Nguyen Quoc Viet - 1651069
- numpy
- python 3
pip3 install numpy
File: scraper.py
Usage:
- Run scraper.py or call function scrape_web from import
import scraper
url = "https://vnexpress.net/"
links_count,documents = scraper.scrape_web(url,1)
Parameter:
- url: link of page to scrape
- level: maximum recursive level to scrape (0 means scrape only current page)
Return:
- links_count: number of links scraped
- documents: a dictionary of documents content
File: boolean_model.py
Usage:
- Run boolean_model.py or provide documents from web scraper to initialized and use retrieve to get results from query
- Usable operators: and, or, not
import scraper
from boolean_model import BooleanModel
url = "https://vnexpress.net/"
links_count,documents = scraper.scrape_web(url,1)
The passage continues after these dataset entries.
(* Consider the analog decentralized learning protocol described in the context, with arbitrary step sizes $\eta^{(t)}>0$, $\zeta^{(t)}\ge 0$ and arbitrary transmit powers $P^{(t)}>0$. Then for every iteration $t\ge 0$ and every device $i\in\mathcal{V}$, the analog consensus update $$\boldsymbol\theta_i^{(t+1)}=\boldsymbol\theta_i^{(t+1/2)}+\zeta^{(t)}\big(w_{ii}\hat{\boldsymbol\theta}_i^{(t+1)}+\hat{\boldsymbol y}_i^{(t+1)}-\hat{\boldsymbol\theta}_i^{(t+1)}\big)$$ is equivalent to $$\boldsymbol\theta_i^{(t+1)}=\boldsymbol\theta_i^{(t+1/2)}+\zeta^{(t)}\sum_{j\in\mathcal{N}_i\cup\{i\}}w_{ij}\big(\hat{\boldsymbol\theta}_j^{(t+1)}-\hat{\boldsymbol\theta}_i^{(t+1)}\big)+\zeta^{(t)}\sum_{\tau=0}^{t}\frac{m}{d}(\boldsymbol A^{(\tau)})^T\tilde{\boldsymbol n}_i^{(\tau)},$$ where $\tilde{\boldsymbol n}_i^{(\tau)}\in\mathbb{R}^{m}$ is an effective noise vector which (conditionally on the fading coefficients and on the vectors $\boldsymbol u_j^{(\tau)}$) is distributed as $\mathcal{N}(\boldsymbol 0,\tilde N_{0i}^{(\tau)}\boldsymbol I)$ with $$\tilde N_{0i}^{(t)}=\frac{1}{2}\frac{N_0}{NP^{(t)}}\Bigg(\sum_{s\in\mathcal{S}_i^{\rm AR}}\max_{j\in\mathcal{N}_i^{(s)}}\Big\{|\mathcal{S}_j^{\rm Tx}|\,w_{ij}^2\frac{\|\boldsymbol u_j^{(t)}\|^2}{|h_{ij}^{\prime(t)}|^2}\Big\}+\sum_{s\in\mathcal{S}_i^{\rm BR}}|\mathcal{S}_{j_s}^{\rm Tx}|\,w_{ij_s}^2\frac{\|\boldsymbol u_{j_s}^{(t)}\|^2}{|h_{ij_s}^{\prime(t)}|^2}\Bigg),$$ with $\boldsymbol u_j^{(t)}=\boldsymbol\theta_j^{(t+1/2)}-\hat{\boldsymbol\theta}_j^{(t)}$ and $j_s$ the (unique) neighbor of $i$ broadcasting to $i$ in slot $s\in\mathcal{S}_i^{\rm BR}$.
   Context: Setting. $K$ devices $\mathcal{V}=\{1,\dots,K\}$ form a connected undirected graph $\mathcal{G}(\mathcal{V},\mathcal{E})$; $\mathcal{N}_i$ is the neighbor set of $i$. $\boldsymbol W=\boldsymbol W^T\in\mathbb{R}^{K\times K}$ is a doubly stochastic mixing matrix with entries $w_{ij}\ge 0$, $w_{ij}=0$ if $j\notin\mathcal{N}_i\cup\{i\}$, and $\|\boldsymbol W-\boldsymbol 1\boldsymbol 1^T/K\|_2<1$. Each device $i$ has a local function $f_i:\mathbb{R}^d\to\mathbb{R}$ and a stochastic (mini-batch) gradient $\hat\nabla f_i$. Compression (random linear coding). Let $m\le d$ and $\boldsymbol H\in\{\pm1\}^{m\times d}$ with $\frac1d\boldsymbol H\boldsymbol H^T=\boldsymbol I$. For each iteration $t$, $\boldsymbol A^{(t)}=\frac{1}{\sqrt m}\boldsymbol H\boldsymbol R^{(t)}$ where $\boldsymbol R^{(t)}$ is diagonal with i.i.d. entries uniform on $\{\pm1\}$, shared by all devices. Channels. For $(i,j)\in\mathcal{E}$, $h_{ij}^{\prime(t)}\in\mathbb{C}\setminus\{0\}$ is the channel coefficient between $i$ and $j$ in iteration $t$ (constant within the iteration). Each iteration uses a communication block of $N$ channel uses split into $M=2n$ slots of $m=N/M$ channel uses each; each device has energy budget $NP^{(t)}$ per block. Received noise vectors $\boldsymbol n_j^{(t,s)}\sim\mathcal{CN}(\boldsymbol 0,N_0\boldsymbol I_m)$ are i.i.d. over devices, slots and iterations, independent of everything else. Schedule. Each device $i$ has disjoint sets of odd slots $\mathcal{S}_i^{\rm AT}$ (transmit in AirComp mode), $\mathcal{S}_i^{\rm AR}$ (receive in AirComp mode, as a center node), and even slots $\mathcal{S}_i^{\rm BT}$ (broadcast), $\mathcal{S}_i^{\rm BR}$ (receive a broadcast); $\mathcal{S}_i^{\rm Tx}=\mathcal{S}_i^{\rm AT}\cup\mathcal{S}_i^{\rm BT}$. For $s\in\mathcal{S}_j^{\rm AR}$, $\mathcal{N}_j^{(s)}\subseteq\mathcal{N}_j$ is the set of neighbors of $j$ transmitting to $j$ in AirComp mode in slot $s$; for $s\in\mathcal{S}_j^{\rm BR}$ there is exactly one neighbor $i_s\in\mathcal{N}_j$ broadcasting to $j$ in slot $s$. For each $j$, the sets $\mathcal{N}_j^{(s)}$ ($s\in\mathcal{S}_j^{\rm AR}$) and the singletons $\{i_s\}$ ($s\in\mathcal{S}_j^{\rm BR}$) partition $\mathcal{N}_j$. Protocol. Initialize $\boldsymbol\theta_i^{(0)}$ arbitrary, $\hat{\boldsymbol\theta}_i^{(0)}=\boldsymbol 0$, $\hat{\boldsymbol y}_i^{(0)}=\boldsymbol 0$. At iteration $t$: (1) $\boldsymbol\theta_i^{(t+1/2)}=\boldsymbol\theta_i^{(t)}-\eta^{(t)}\hat\nabla f_i(\boldsymbol\theta_i^{(t)})$ and $\boldsymbol u_i^{(t)}=\boldsymbol\theta_i^{(t+1/2)}-\hat{\boldsymbol\theta}_i^{(t)}$. (2) Odd slot $s\in\mathcal{S}_j^{\rm AR}$: each $i\in\mathcal{N}_j^{(s)}$ sends $\boldsymbol x_{ij}^{(t,s)}=\frac{\sqrt{\gamma_j^{(t,s)}}}{h_{ij}^{\prime(t)}}w_{ji}\boldsymbol A^{(t)}\boldsymbol u_i^{(t)}$, $j$ receives $\boldsymbol y_j^{(t,s)}=\sqrt{\gamma_j^{(t,s)}}\sum_{i\in\mathcal{N}_j^{(s)}}w_{ji}\boldsymbol A^{(t)}\boldsymbol u_i^{(t)}+\boldsymbol n_j^{(t,s)}$ and forms $\hat{\boldsymbol y}_j^{(t,s)}=\frac md(\boldsymbol A^{(t)})^T\Re\{\boldsymbol y_j^{(t,s)}/\sqrt{\gamma_j^{(t,s)}}\}$. (3) Even slot $s\in\mathcal{S}_i^{\rm BT}$: $i$ sends $\boldsymbol x_i^{(t,s)}=\sqrt{\alpha_i^{(t,s)}}\boldsymbol A^{(t)}\boldsymbol u_i^{(t)}$; each receiving neighbor $j$ gets $\boldsymbol y_{ij}^{(t,s)}=\sqrt{\alpha_i^{(t,s)}}h_{ij}^{\prime(t)}\boldsymbol A^{(t)}\boldsymbol u_i^{(t)}+\boldsymbol n_j^{(t,s)}$ and forms $\hat{\boldsymbol y}_{ij}^{(t,s)}=w_{ji}\frac md(\boldsymbol A^{(t)})^T\Re\{\boldsymbol y_{ij}^{(t,s)}/(\sqrt{\alpha_i^{(t,s)}}h_{ij}^{\prime(t)})\}$. (4) $\hat{\boldsymbol y}_j^{(t+1)}=\hat{\boldsymbol y}_j^{(t)}+\sum_{s\in\mathcal{S}_j^{\rm AR}}\hat{\boldsymbol y}_j^{(t,s)}+\sum_{s\in\mathcal{S}_j^{\rm BR}}\hat{\boldsymbol y}_{i_sj}^{(t,s)}$, $\hat{\boldsymbol\theta}_j^{(t+1)}=\hat{\boldsymbol\theta}_j^{(t)}+\frac md(\boldsymbol A^{(t)})^T\boldsymbol A^{(t)}\boldsymbol u_j^{(t)}$, and $\boldsymbol\theta_j^{(t+1)}=\boldsymbol\theta_j^{(t+1/2)}+\zeta^{(t)}(w_{jj}\hat{\boldsymbol\theta}_j^{(t+1)}+\hat{\boldsymbol y}_j^{(t+1)}-\hat{\boldsymbol\theta}_j^{(t+1)})$. Power scaling (equal power per transmit slot, with the constraints $\mathbb{E}_{\boldsymbol A}\|\boldsymbol x\|^2\le NP^{(t)}/|\mathcal{S}_i^{\rm Tx}|$ met with the largest feasible factors): $\gamma_j^{(t,s)}=\min_{i\in\mathcal{N}_j^{(s)}}\frac{NP^{(t)}|h_{ij}^{\prime(t)}|^2}{|\mathcal{S}_i^{\rm Tx}|w_{ji}^2\|\boldsymbol u_i^{(t)}\|^2}$ and $\alpha_i^{(t,s)}=\frac{NP^{(t)}}{|\mathcal{S}_i^{\rm Tx}|\|\boldsymbol u_i^{(t)}\|^2}$ (assumed well defined). *)

From HB Require Import structures.
From mathcomp Require Import all_boot all_order all_algebra.
From mathcomp Require Import all_classical all_reals all_analysis.
From mathcomp Require Import complex.
Set Implicit Arguments.
Unset Strict Implicit.
Unset Printing Implicit Defensive.
Import Order.TTheory GRing.Theory Num.Theory.
Local Open Scope ring_scope.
model = BooleanModel(documents)
res = model.retrieve(query)
- Example query: "việt and nam not mỹ"
File: vector_model.py
Usage:
- Run vector_model.py or provide documents from web scraper to initialized and use retrieve to get results ranking from query
- Input: list of keywords seperated by space
import scraper
from vector_model import VectorModel
url = "https://vnexpress.net/"
links_count,documents = scraper.scrape_web(url,1)
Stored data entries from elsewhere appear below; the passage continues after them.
(* Profile played at a history of length n >= 1 starting with outcome e. *)
Definition tail_profile (e : A1 * A2) (n : nat) : profile :=
  if (n <= K)%N then phase1 e else phase2 e.

Definition play1 (h : history A1 A2) : {ffun A1 -> R} :=
  if h is e :: _ then (tail_profile e (size h)).1 else dirac R a1.
Definition play2 (h : history A1 A2) : {ffun A2 -> R} :=
  if h is e :: _ then (tail_profile e (size h)).2 else dirac R a2.

Definition tail_value (u : A1 -> A2 -> R) (e : A1 * A2) : R :=
  exp_pay u (phase1 e).1 (phase1 e).2 *+ K + exp_pay u (phase2 e).1 (phase2 e).2 *+ K.

Lemma tail_profile_nash e n :
  stage_nash MP G (tail_profile e n).1 (tail_profile e n).2.
Proof. by rewrite /tail_profile /phase1 /phase2; case: ifP; case: ifP. Qed.

Lemma play1_avail : avail_strat true play1.
Proof.
by case=> [|e h]; [apply: dirac_mixed | case: (tail_profile_nash e (size h).+1)].
Qed.

Lemma play2_avail : avail_strat false play2.
Proof. by case=> [|e h]; [exists a2 | case: (tail_profile_nash e (size h).+1)]. Qed.

Lemma tail_sum u e :
  seq_value (fun k => tail_profile e k.+1) u (K + K) = tail_value u e.
Proof.
rewrite /seq_value big_split_ord /tail_value; congr (_ + _).
  rewrite -[K in _ *+ K]card_ord -sumr_const; apply: eq_bigr => k _.
  by rewrite /tail_profile /= ltn_ord.
rewrite -[K in _ *+ K]card_ord -sumr_const; apply: eq_bigr => k _.
by rewrite /tail_profile /= ifF // ltnNge leq_addr.
Qed.

Lemma tail_eq u e : cont_pay u play1 play2 [:: e] (K + K) = tail_value u e.
Proof.
by rewrite -tail_sum; apply: (follow_eq (fun k => tail_profile_nash e k.+1)).
Qed.

Lemma tail_dev1 t1 e : avail_strat true t1 ->
  cont_pay (u1 G) t1 play2 [:: e] (K + K) <= tail_value (u1 G) e.
Proof.
by move=> ht1; rewrite -tail_sum; apply: (follow_dev1 (fun k => tail_profile_nash e k.+1)).
Qed.

Lemma tail_dev2 t2 e : avail_strat false t2 ->
  cont_pay (u2 G) play1 t2 [:: e] (K + K) <= tail_value (u2 G) e.
Proof.
by move=> ht2; rewrite -tail_sum; apply: (follow_dev2 (fun k => tail_profile_nash e k.+1)).
Qed.

Lemma root_value u :
  rep_pay u play1 play2 (K + K).+1 = u a1 a2 + tail_value u (a1, a2).
Proof.
rewrite /rep_pay /=; under eq_bigr => b1 _ do under eq_bigr => b2 _ do rewrite tail_eq.
by rewrite sum2_diracl sum_dirac.
Qed.

Hypothesis gain1 : forall b, u1 G b a2 - u1 G a1 a2 <=
  K%:R * (exp_pay (u1 G) P1 Q1 - exp_pay (u1 G) P1' Q1').
Hypothesis gain2 : forall b, u2 G a1 b - u2 G a1 a2 <=
  K%:R * (exp_pay (u2 G) P2 Q2 - exp_pay (u2 G) P2' Q2').

Lemma root_dev1 t1 : avail_strat true t1 ->
  rep_pay (u1 G) t1 play2 (K + K).+1 <= rep_pay (u1 G) play1 play2 (K + K).+1.
Proof.
move=> ht1; have mt := avail_mixed (ht1 [::]).
have step b1 b2 : u1 G b1 b2 + cont_pay (u1 G) t1 play2 [:: (b1, b2)] (K + K) <=
                  u1 G b1 b2 + tail_value (u1 G) (b1, b2).
  by rewrite lerD2l; apply: tail_dev1.
rewrite root_value /rep_pay /=; apply: le_trans (sum2_le mt (dirac_mixed R a2) step) _.
rewrite sum2_diracr; apply: mixed_avg_le => // b.
case: (eqVneq b a1) => [->|nb] //.
rewrite /tail_value /phase1 /phase2 /= !eqxx (negbTE nb).
by have := gain1 b; rewrite mulr_natl mulrnBl; lra.
Qed.

Lemma root_dev2 t2 : avail_strat false t2 ->
  rep_pay (u2 G) play1 t2 (K + K).+1 <= rep_pay (u2 G) play1 play2 (K + K).+1.
Proof.
move=> ht2; have mt := avail_mixed (ht2 [::]).
have step b1 b2 : u2 G b1 b2 + cont_pay (u2 G) play1 t2 [:: (b1, b2)] (K + K) <=
                  u2 G b1 b2 + tail_value (u2 G) (b1, b2).
  by rewrite lerD2l; apply: tail_dev2.
rewrite root_value /rep_pay /=; apply: le_trans (sum2_le (dirac_mixed R a1) mt step) _.
rewrite sum2_diracl; apply: mixed_avg_le => // b.
case: (eqVneq b a2) => [->|nb] //.
rewrite /tail_value /phase1 /phase2 /= !eqxx (negbTE nb).
by have := gain2 b; rewrite mulr_natl mulrnBl; lra.
Qed.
model = VectorModel(documents)
res = model.retrieve(query)
- Example query: "việt nam"
- Run main.py to run everything together. By default, it will scrape https://vnexpress.net/ , with recursive level 1, store all contents in the most frequently use HTML tag on a page as one document. User can then input queries, and results from both Boolean Model and Vector Model will be shown.